### Exercise details:
From the entries below, transcribe exactly the lines between the line holding "Set Implicit Arguments. Unset Strict Implicit. Unset" and the line holding "Definition word := seq sym.", inclusive; skip all other lines.

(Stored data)
┌──

(* (1) Let $1\le i,j\le d$ with $i\ne j$ and $m,n\in\mathbb Z_{<0}$. Then there is $\alpha\in\mathbb C\setminus\{0\}$ with $v^{ij}(m,n)\mathbf 1=\alpha\,L_r^{ii}(-1)^{-m-1}L_r^{jj}(-1)^{-n-1}L_r^{ij}(-2)\mathbf 1$ in $M_r$. (2) Let $1\le i\le d$ and $m,n\in\mathbb Z_{<0}$ with $m\le -2$, and let $1\le j\le d$ with $j\ne i$ be arbitrary. Then there is $\beta\in\mathbb C\setminus\{0\}$ with $v^{ii}(m,n)\mathbf 1=\beta\,L_r^{ii}(0)L_r^{ij}(-1)L_r^{ii}(-1)^{-n-1}L_r^{jj}(-1)^{-m-2}L_r^{ij}(-2)\mathbf 1$.
   Context: Fix an integer $d\ge 2$ and $r\in\mathbb{C}$. Let $\hat{\mathfrak h}$ be the complex Lie algebra with basis $\{v^i(m)\mid 1\le i\le d,\ m\in\mathbb{Z}\}\cup\{\mathbf c\}$ and bracket $[v^i(m),v^j(n)]=\delta_{m+n,0}\delta_{i,j}\,m\,\mathbf c$, $[\mathbf c,\hat{\mathfrak h}]=0$. In $A=U(\hat{\mathfrak h})/\langle \mathbf c-1\rangle$ let $v^{ij}(m,n)$ be the image of $v^i(m)v^j(n)$; then $v^{ij}(m,n)=v^{ji}(n,m)$ unless $i=j$ and $m=-n$, and $v^{ii}(m,-m)=v^{ii}(-m,m)+m$. Let $\mathcal B=\{v^{ii}(m,n)\mid 1\le i\le d,\ m\le n\}\cup\{v^{ij}(m,n)\mid 1\le i<j\le d,\ m,n\in\mathbb Z\}$; then $\mathcal B\cup\{1\}$ is linearly independent, $\mathcal L:=\mathrm{span}_{\mathbb C}\mathcal B\oplus\mathbb C\subset A$ contains every $v^{ij}(m,n)$ and is closed under $[x,y]=xy-yx$. With $\pi_1,\pi_2$ the projections of $\mathcal L$ onto $\mathrm{span}\,\mathcal B$ and onto $\mathbb C$, $[x,y]_r=\pi_1([x,y])+r\pi_2([x,y])$ is a Lie bracket on $\mathcal L$; call this Lie algebra $\mathcal L_r$. Let $\mathcal B_+=\{v^{ij}(m,n)\in\mathcal B\mid m\ge 0\text{ or }n\ge 0\}$, $\mathcal L_r^+=\mathrm{span}\,\mathcal B_+\oplus\mathbb C$, and $M_r=U(\mathcal L_r)\otimes_{U(\mathcal L_r^+)}\mathbb C\mathbf 1$, where $\mathcal B_+$ acts by $0$ on $\mathbf 1$ and $s\in\mathbb C\subset\mathcal L_r$ acts by the scalar $s$. Define operators on $M_r$: $L_r^{ij}(m)=\frac12\sum_{h\in\mathbb Z}v^{ij}(m-h,h)$ if $i\ne j$ or $m\ne0$, and $L_r^{ii}(0)=\frac12 v^{ii}(0,0)+\sum_{h>0}v^{ii}(-h,h)$ (on each vector only finitely many terms are nonzero). *)

(* Concrete presentation of the induced module
   M_r = U(L_r) (x)_{U(L_r^+)} C1  as  T(L) / J,  where T(L) is the tensor
   algebra of L (formal linear combinations of words in symbols) and J is the
   left ideal  I + T(L).{x - chi(x) | x in L_r^+},  I the two-sided ideal
   defining U(L_r) (and the linear relations presenting L). *)
From HB Require Import structures.
From mathcomp Require Import all_boot all_order all_algebra.
Set Implicit Arguments. Unset Strict Implicit. Unset Printing Implicit Defensive.
Import Order.TTheory GRing.Theory Num.Theory.
Local Open Scope ring_scope.

Section Defs.
Variable C : numClosedFieldType.   (* the complex field (any alg. closed char 0 num field) *)
Variable d : nat.

(* index (i, j, m, n) of v^{ij}(m,n) *)
Definition idx := ('I_d * 'I_d * int * int)%type.
(* symbols of T(L): Some q = v^{ij}(m,n) (any indices), None = the element 1 of C ⊂ L *)
Definition sym := option idx.
Definition word := seq sym.
(* formal linear combinations of words = elements of T(L) (up to [coef]-equality) *)
Definition combo := seq (C * word).

Definition coef (x : combo) (w : word) : C := \sum_(p <- x | p.2 == w) p.1.
Definition cadd (x y : combo) : combo := x ++ y.
Definition cscale (c : C) (x : combo) : combo := [seq (c * p.1, p.2) | p <- x].
Definition csub (x y : combo) : combo := cadd x (cscale (-1) y).
Definition cmul (x y : combo) : combo := [seq (p.1 * q.1, p.2 ++ q.2) | p <- x, q <- y].
Definition csum (s : seq combo) : combo := flatten s.
Definition cword (w : word) : combo := [:: (1, w)].
Definition cone : combo := cword [::].          (* the generating vector 1 *)
Definition cV (q : idx) : combo := cword [:: Some q].
Definition cK : combo := cword [:: None].

(* index of the basis element of B to which v^{ij}(m,n) is proportional *)
Definition basidx (q : idx) : idx :=
  let: (i, j, m, n) := q in
  if (i < j)%N then q else if (j < i)%N then (j, i, n, m)
  else if m <= n then q else (i, j, n, m).

(* constant part: v^{ii}(m,-m) = v^{ii}(-m,m) + m  for m > 0 *)
Definition cst (q : idx) : int :=
  let: (i, j, m, n) := q in
  if (i == j) && (n < m) && (m + n == 0) then m else 0.

Definition in_B (q : idx) : bool :=
  let: (i, j, m, n) := q in (i < j)%N || ((i == j) && (m <= n)).

Definition in_Bplus (q : idx) : bool :=
  let: (i, j, m, n) := q in in_B q && ((0 <= m) || (0 <= n)).

Definition proj_r (r : C) (q : idx) : combo :=
  cadd (cV (basidx q)) (cscale (r * (cst q)%:~R) cK).

Definition dl (i k : 'I_d) (b c : int) (s : int) : C :=
  if (i == k) && (b + c == 0) then s%:~R else 0.

(* [v^{ij}(a,b), v^{kl}(c,e)]_r : the commutator in A is
   d_{jk}d_{b+c,0} b v^{il}(a,e) + d_{jl}d_{b+e,0} b v^{ik}(a,c)
   + d_{ik}d_{a+c,0} a v^{lj}(e,b) + d_{il}d_{a+e,0} a v^{kj}(c,b),
   to which pi_1 + r pi_2 is applied. *)
Definition brV (r : C) (x y : idx) : combo :=
  let: (i, j, a, b) := x in let: (k, l, c, e) := y in
  cadd (cscale (dl j k b c b) (proj_r r (i, l, a, e)))
 (cadd (cscale (dl j l b e b) (proj_r r (i, k, a, c)))
 (cadd (cscale (dl i k a c a) (proj_r r (l, j, e, b)))
       (cscale (dl i l a e a) (proj_r r (k, j, c, b))))).

(* Lie bracket of L_r on symbols; the constants are central *)
Definition br (r : C) (s t : sym) : combo :=
  match s, t with Some x, Some y => brV r x y | _, _ => [::] end.

Inductive inJ (r : C) : combo -> Prop :=
| J_zero x : (forall w, coef x w = 0) -> inJ r x
| J_ext x y : (forall w, coef x w = coef y w) -> inJ r x -> inJ r y
| J_add x y : inJ r x -> inJ r y -> inJ r (cadd x y)
| J_scale c x : inJ r x -> inJ r (cscale c x)
  (* linear relations presenting L: v^{ij}(m,n) = basis element + constant *)
| J_lin (a b : word) (q : idx) :
    inJ r (cmul (cword a) (cmul (csub (cV q) (cadd (cV (basidx q))
             (cscale (cst q)%:~R cK))) (cword b)))
| J_lie (a b : word) (s t : sym) :
    inJ r (cmul (cword a) (cmul (csub (csub (cword [:: s; t]) (cword [:: t; s]))
             (br r s t)) (cword b)))
| J_Bplus (a : word) (q : idx) : in_Bplus q -> inJ r (cmul (cword a) (cV q))
  (* the constant s in C ⊂ L_r acts by s on 1 (it suffices for s = 1) *)
| J_K (a : word) : inJ r (cmul (cword a) (csub cK cone)).

Definition eqM (r : C) (x y : combo) : Prop := inJ r (csub x y).

(* y = L_r^{ij}(m) x in M_r (only finitely many terms of the sum are nonzero) *)
Definition Lop (r : C) (i j : 'I_d) (m : int) (x y : combo) : Prop :=
  if (i == j) && (m == 0) then
    exists N : nat,
      (forall h : int, N%:Z < h -> eqM r (cmul (cV (i, i, - h, h)) x) [::]) /\
      eqM r y (cadd (cscale 2^-1 (cmul (cV (i, i, 0, 0)) x))
                    (csum [seq cmul (cV (i, i, - (k.+1)%:Z, (k.+1)%:Z)) x
                          | k <- iota 0 N]))
  else
    exists N : nat,
      (forall h : int, N%:Z < `|h| -> eqM r (cmul (cV (i, j, m - h, h)) x) [::]) /\
      eqM r y (cscale 2^-1 (csum [seq cmul (cV (i, j, m - h, h)) x
                          | h <- [seq k%:Z - N%:Z | k <- iota 0 (2 * N).+1]])).

Fixpoint Lpow (r : C) (i j : 'I_d) (m : int) (k : nat) (x y : combo) : Prop :=
  match k with
  | 0%N => eqM r x y
  | k'.+1 => exists z, Lop r i j m x z /\ Lpow r i j m k' z y
  end.

End Defs.

From HB Require Import structures.
From mathcomp Require Import all_boot all_order all_algebra.
From mathcomp Require Import zify ring.
Import Order.TTheory GRing.Theory Num.Theory.
Local Open Scope ring_scope.
Set Implicit Arguments. Unset Strict Implicit.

└──

### Answer for this exercise:
Set Implicit Arguments. Unset Strict Implicit. Unset Printing Implicit Defensive.
Import Order.TTheory GRing.Theory Num.Theory.
Local Open Scope ring_scope.

Section Defs.
Variable C : numClosedFieldType.   (* the complex field (any alg. closed char 0 num field) *)
Variable d : nat.

(* index (i, j, m, n) of v^{ij}(m,n) *)
Definition idx := ('I_d * 'I_d * int * int)%type.
(* symbols of T(L): Some q = v^{ij}(m,n) (any indices), None = the element 1 of C ⊂ L *)
Definition sym := option idx.
Definition word := seq sym.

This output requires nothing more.